• **EXERCISE REQUIREMENTS**: Provide again, from the entries below, every line from the one containing "Definition nsqrt (x" through the one containing "Lemma chi_sum : \sum_(x : F) chi x = 0.", exactly as written, and no other line.

• **AVAILABLE RECORDS**:
(* Let $q$ be a power of an odd prime and let $\lambda\in\mathbb{F}_q$ with $\lambda\neq 0,1,-3$. Let $C_\lambda/\mathbb{F}_q$ be the plane quartic $x^4+y^4+z^4=(\lambda+1)(x^2y^2+y^2z^2+z^2x^2)$ and let $E^{(\lambda+3)}_\lambda/\mathbb{F}_q$ be the elliptic curve $(\lambda+3)y^2=x(x-1)(x-\lambda)$. Then $$\#C_\lambda(\mathbb{F}_q)=3\,\#E^{(\lambda+3)}_\lambda(\mathbb{F}_q)-2q-2.$$
   Context: For such $\lambda$, $C_\lambda$ is a smooth, geometrically irreducible plane curve of genus $3$; $\#X(\mathbb{F}_q)$ denotes the number of $\mathbb{F}_q$-rational points (for the quartic, points of the projective plane curve). *)

From HB Require Import structures.
From mathcomp Require Import all_boot all_order all_algebra all_field.
Set Implicit Arguments. Unset Strict Implicit. Unset Printing Implicit Defensive.
Import GRing.Theory.
Local Open Scope ring_scope.

(* Canonical representatives of the points of the projective plane P^2(F):
   (1:y:z), (0:1:z), (0:0:1). *)
Definition proj_rep (F : finFieldType) (p : F * F * F) : bool :=
  let: (x, y, z) := p in
  [|| x == 1, (x == 0) && (y == 1) | [&& x == 0, y == 0 & z == 1]].

Definition nb_proj_points (F : finFieldType) (P : F -> F -> F -> F) : nat :=
  #|[set p : F * F * F | proj_rep p && (P p.1.1 p.1.2 p.2 == 0)]|.

Definition quartic_C (F : finFieldType) (lam : F) (x y z : F) : F :=
  x ^+ 4 + y ^+ 4 + z ^+ 4
  - (lam + 1) * (x ^+ 2 * y ^+ 2 + y ^+ 2 * z ^+ 2 + z ^+ 2 * x ^+ 2).

(* Projective closure of E : (lambda+3) y^2 = x (x-1) (x-lambda):
   (lambda+3) y^2 z = x (x - z) (x - lambda z). *)
Definition cubic_E (F : finFieldType) (lam : F) (x y z : F) : F :=
  (lam + 3) * y ^+ 2 * z - x * (x - z) * (x - lam * z).

(* With X = x^2, Y = y^2, Z = z^2 the quartic C is the pull-back of the conic
   Q : X^2 + Y^2 + Z^2 = (lam + 1) (XY + YZ + ZX), so the affine cone over C is
   counted by the points of the cone over Q weighted by
   (1 + chi X) (1 + chi Y) (1 + chi Z), chi the quadratic character. Scaling by
   a non-square kills the terms of odd degree in chi, the cyclic symmetry of Q
   identifies the three terms chi X chi Y, chi Y chi Z, chi Z chi X, and the
   cone over Q has q^2 points. Solving Q for Z, the term chi X chi Y becomes,
   up to a vanishing sum, the sum of chi (X Y Delta(X, Y)) with Delta the
   discriminant, which dehomogenises to the sum of chi (t Delta(t, 1)) over t;
   the substitution s = t + 1/t and an affine change of variable turn it into
   the sum S of chi ((lam + 3) x (x - 1) (x - lam)). Since the affine cone over
   a projective curve X has 1 + (q - 1) #X points, #C = q + 1 + 3 S and
   #E = q + 1 + S. *)

From HB Require Import structures.
From mathcomp Require Import all_boot all_order all_algebra all_field.
From mathcomp Require Import ring zify.
Set Implicit Arguments. Unset Strict Implicit. Unset Printing Implicit Defensive.
Import Order.TTheory GRing.Theory Num.Theory.
Local Open Scope ring_scope.

Local Notation ind b := ((b : bool)%:R : int).

Lemma sum_ind_card (T : finType) (P : pred T) : \sum_(x : T) ind (P x) = #|P|%:R.
Proof.
rewrite -sum1_card natr_sum [RHS]big_mkcond /=; apply: eq_bigr => x _.
by rewrite unfold_in; case: (P x).
Qed.

Section QuadraticCharacter.
Variable F : finFieldType.
Local Notation q := (#|F|%:R : int).

Lemma sum_ind_eq (a : F) : \sum_(x : F) ind (x == a) = 1.
Proof. by rewrite sum_ind_card (eq_card (B := pred1 a)) // card1. Qed.

Lemma sum_ind_eq_mul (a : F) (f : F -> int) : \sum_(x : F) ind (x == a) * f x = f a.
Proof.
rewrite (bigD1 a) //= eqxx mul1r big1 ?addr0 // => x.
by move/negbTE->; rewrite mul0r.
Qed.

Lemma sum_ind_neq0 : \sum_(x : F) ind (x != 0) = q - 1.
Proof.
rewrite (eq_bigr (fun x => 1 - ind (x == 0))); last by move=> x _; case: (x == 0).
by rewrite sumrB sum_ind_eq sumr_const.
Qed.

Lemma sum_neq0_const (K : int) : \sum_(x : F | x != 0) K = (q - 1) * K.
Proof.
rewrite big_mkcond -sum_ind_neq0 mulr_suml; apply: eq_bigr => x _.
by case: (x != 0); rewrite ?mul1r ?mul0r.
Qed.

Lemma sum_reindex_mull (V : nmodType) (a : F) (f : F -> V) :
  a != 0 -> \sum_(x : F) f (a * x) = \sum_(x : F) f x.
Proof. by move=> a0; rewrite [RHS](reindex_inj (mulfI a0)). Qed.

Lemma sum_reindex_affine (V : nmodType) (a b : F) (f : F -> V) :
  a != 0 -> \sum_(x : F) f (a * x + b) = \sum_(x : F) f x.
Proof.
move=> a0; rewrite [RHS](reindex_inj (h := fun x => a * x + b)) //.
by move=> x y /addIr /mulfI; apply.
Qed.

Definition nsqrt (x : F) : int := \sum_(t : F) ind (t ^+ 2 == x).
Definition chi (x : F) : int := nsqrt x - 1.

Lemma nsqrt0 : nsqrt 0 = 1.
Proof. by rewrite -(sum_ind_eq 0); apply: eq_bigr => t _; rewrite expf_eq0. Qed.

Lemma nsqrt_sqrM (s y : F) : s != 0 -> nsqrt (s ^+ 2 * y) = nsqrt y.
Proof.
move=> s0; rewrite /nsqrt -(sum_reindex_mull _ s0).
by apply: eq_bigr => t _; rewrite exprMn (inj_eq (mulfI _)) // expf_neq0.
Qed.

Lemma sum_nsqrt : \sum_(x : F) nsqrt x = q.
Proof.
rewrite exchange_big (eq_bigr (fun _ => 1)) ?sumr_const // => t _.
by under eq_bigr do rewrite eq_sym; apply: sum_ind_eq.
Qed.

Lemma sum_sqr_fiber (G : F -> int) : \sum_(x : F) G (x ^+ 2) = \sum_(X : F) nsqrt X * G X.
Proof.
under [RHS]eq_bigr do rewrite mulr_suml.
rewrite exchange_big; apply: eq_bigr => t _.
by under eq_bigr do rewrite eq_sym; rewrite sum_ind_eq_mul.
Qed.

Lemma sqr_or_nsqrt0 (x : F) : x != 0 -> (exists2 s, s != 0 & x = s ^+ 2) \/ nsqrt x = 0.
Proof.
move=> x0; case: (pickP (fun t : F => t ^+ 2 == x)) => [s /eqP sx | nosqrt].
  by left; exists s => //; apply: contraNneq x0 => s0; rewrite -sx s0 expr0n.
by right; apply: big1 => t _; rewrite nosqrt.
Qed.

Hypothesis two_neq0 : (2%:R : F) != 0.

Lemma nsqrt_sqr (s : F) : s != 0 -> nsqrt (s ^+ 2) = 2.
Proof.
move=> s0; have sNs : s != - s.
  apply: contraNneq s0 => /eqP.
  by rewrite -addr_eq0 -mulr2n -mulr_natl mulf_eq0 (negbTE two_neq0).
rewrite /nsqrt (eq_bigr (fun t => ind (t == s) + ind (t == - s))).
  by rewrite big_split /= !sum_ind_eq.
move=> t _; rewrite eqf_sqr.
by case: (eqVneq t s) => [->|_]; rewrite ?(negbTE sNs) ?addr0 ?add0r.
Qed.

Lemma chi0 : chi 0 = 0.
Proof. by rewrite /chi nsqrt0 subrr. Qed.

Lemma chi_sqr (s : F) : s != 0 -> chi (s ^+ 2) = 1.
Proof. by move=> s0; rewrite /chi nsqrt_sqr. Qed.

Lemma chi_sqrM (s y : F) : s != 0 -> chi (s ^+ 2 * y) = chi y.
Proof. by move=> s0; rewrite /chi nsqrt_sqrM. Qed.

Lemma chi_sum : \sum_(x : F) chi x = 0.
Proof. by rewrite /chi sumrB sum_nsqrt sumr_const subrr. Qed.

Lemma chi_unit (x : F) : x != 0 -> chi x = 1 \/ chi x = -1.
Proof.
by case/sqr_or_nsqrt0 => [[s s0 ->]|nx]; [left; rewrite chi_sqr | right; rewrite /chi nx].
Qed.

Lemma chi_le1 (x : F) : chi x <= 1.
Proof. by case: (eqVneq x 0) => [->|/chi_unit [] ->]; rewrite ?chi0. Qed.

(* If c is a non-square, chi (c * y) + chi y is never positive and sums to
   zero over y, hence vanishes identically. *)
Lemma chi_nonsqrM (c y : F) : chi c = -1 -> chi (c * y) = - chi y.
Proof.
move=> cN1; have c0 : c != 0 by apply: contra_eqN cN1 => /eqP->; rewrite chi0.
pose g z := - (chi (c * z) + chi z).
have g_ge0 z : 0 <= g z.
  rewrite oppr_ge0; case: (eqVneq z 0) => [->|z0]; first by rewrite mulr0 chi0 addr0.
  have [[s s0 ->]|nz] := sqr_or_nsqrt0 z0.
    by rewrite mulrC chi_sqrM // chi_sqr // cN1 addNr.
  by have := chi_le1 (c * z); rewrite /chi nz; lia.
have sum_g : \sum_z g z = 0.
  by rewrite sumrN big_split /= (sum_reindex_mull chi c0) chi_sum addr0 oppr0.
have /eqP := psumr_eq0P (fun z _ => g_ge0 z) sum_g isT (i := y).
by rewrite oppr_eq0 addr_eq0 => /eqP.
Qed.

Lemma chi_mul (x y : F) : chi (x * y) = chi x * chi y.
Proof.
case: (eqVneq x 0) => [->|x0]; first by rewrite mul0r chi0 mul0r.
have [[s s0 ->]|nx] := sqr_or_nsqrt0 x0; first by rewrite chi_sqrM // chi_sqr // mul1r.
have xN1 : chi x = -1 by rewrite /chi nx.
by rewrite chi_nonsqrM // xN1 mulN1r.
Qed.

Lemma exists_nonsqr : exists2 c, c != 0 & chi c = -1.
Proof.
case: (pickP (fun c => chi c == -1)) => [c /eqP cN1|allsqr].
  by exists c => //; apply: contra_eqN cN1 => /eqP->; rewrite chi0.
have : \sum_(x : F) chi x = \sum_(x : F) ind (x != 0).
  apply: eq_bigr => x _; case: (eqVneq x 0) => [->|x0]; first by rewrite chi0.
  by case: (chi_unit x0) => // xN1; move: (allsqr x); rewrite xN1 eqxx.
rewrite chi_sum sum_ind_neq0 => /eqP; rewrite eq_sym subr_eq0 pnatr_eq1 => /eqP F1.
by have := finNzRing_gt1 F; rewrite F1.
Qed.

Lemma chi_affine_sum (a b : F) : a != 0 -> \sum_(x : F) chi (a * x + b) = 0.
Proof. by move=> a0; rewrite (sum_reindex_affine b chi a0) chi_sum. Qed.

(* The points of u^2 - t^2 = D are counted through (u - t) (u + t) = D. *)
Lemma sum_nsqrt_hyperbola (D : F) : D != 0 -> \sum_(u : F) nsqrt (u ^+ 2 - D) = q - 1.
Proof.
move=> D0; rewrite /nsqrt pair_bigA /=.
pose h (p : F * F) := ((p.1 + p.2) / 2%:R, (p.2 - p.1) / 2%:R).
pose g (p : F * F) := (p.1 - p.2, p.1 + p.2).
have hK : cancel h g by case=> m k; rewrite /g /h /=; congr pair; field.
rewrite (reindex_inj (can_inj hK)) /=.
rewrite (eq_bigr (fun p => ind (p.1 * p.2 == D))); last first.
  case=> m k _ /=; congr (_%:R).
  have -> : ((k - m) / 2%:R) ^+ 2 = ((m + k) / 2%:R) ^+ 2 - m * k by field.
  by rewrite (inj_eq (addrI _)) (inj_eq (@oppr_inj _)).
rewrite -(pair_bigA _ (fun m k => ind (m * k == D))) -sum_ind_neq0 /=.
apply: eq_bigr => m _; case: (eqVneq m 0) => [->|m0].
  by rewrite big1 // => k _; rewrite mul0r eq_sym (negbTE D0).
rewrite /= -[RHS](sum_ind_eq (D / m)); apply: eq_bigr => k _.
by rewrite -[k == _](inj_eq (mulfI m0)) [m * (D / m)]mulrC divfK.
Qed.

• **ANSWER SPACE**:
Definition nsqrt (x : F) : int := \sum_(t : F) ind (t ^+ 2 == x).
Definition chi (x : F) : int := nsqrt x - 1.

Lemma nsqrt0 : nsqrt 0 = 1.
Proof. by rewrite -(sum_ind_eq 0); apply: eq_bigr => t _; rewrite expf_eq0. Qed.

Lemma nsqrt_sqrM (s y : F) : s != 0 -> nsqrt (s ^+ 2 * y) = nsqrt y.
Proof.
move=> s0; rewrite /nsqrt -(sum_reindex_mull _ s0).
by apply: eq_bigr => t _; rewrite exprMn (inj_eq (mulfI _)) // expf_neq0.
Qed.

Lemma sum_nsqrt : \sum_(x : F) nsqrt x = q.
Proof.
rewrite exchange_big (eq_bigr (fun _ => 1)) ?sumr_const // => t _.
by under eq_bigr do rewrite eq_sym; apply: sum_ind_eq.
Qed.

Lemma sum_sqr_fiber (G : F -> int) : \sum_(x : F) G (x ^+ 2) = \sum_(X : F) nsqrt X * G X.
Proof.
under [RHS]eq_bigr do rewrite mulr_suml.
rewrite exchange_big; apply: eq_bigr => t _.
by under eq_bigr do rewrite eq_sym; rewrite sum_ind_eq_mul.
Qed.

Lemma sqr_or_nsqrt0 (x : F) : x != 0 -> (exists2 s, s != 0 & x = s ^+ 2) \/ nsqrt x = 0.
Proof.
move=> x0; case: (pickP (fun t : F => t ^+ 2 == x)) => [s /eqP sx | nosqrt].
  by left; exists s => //; apply: contraNneq x0 => s0; rewrite -sx s0 expr0n.
by right; apply: big1 => t _; rewrite nosqrt.
Qed.

Hypothesis two_neq0 : (2%:R : F) != 0.

Lemma nsqrt_sqr (s : F) : s != 0 -> nsqrt (s ^+ 2) = 2.
Proof.
move=> s0; have sNs : s != - s.
  apply: contraNneq s0 => /eqP.
  by rewrite -addr_eq0 -mulr2n -mulr_natl mulf_eq0 (negbTE two_neq0).
rewrite /nsqrt (eq_bigr (fun t => ind (t == s) + ind (t == - s))).
  by rewrite big_split /= !sum_ind_eq.
move=> t _; rewrite eqf_sqr.
by case: (eqVneq t s) => [->|_]; rewrite ?(negbTE sNs) ?addr0 ?add0r.
Qed.

Lemma chi0 : chi 0 = 0.
Proof. by rewrite /chi nsqrt0 subrr. Qed.

Lemma chi_sqr (s : F) : s != 0 -> chi (s ^+ 2) = 1.
Proof. by move=> s0; rewrite /chi nsqrt_sqr. Qed.

Lemma chi_sqrM (s y : F) : s != 0 -> chi (s ^+ 2 * y) = chi y.
Proof. by move=> s0; rewrite /chi nsqrt_sqrM. Qed.

Lemma chi_sum : \sum_(x : F) chi x = 0.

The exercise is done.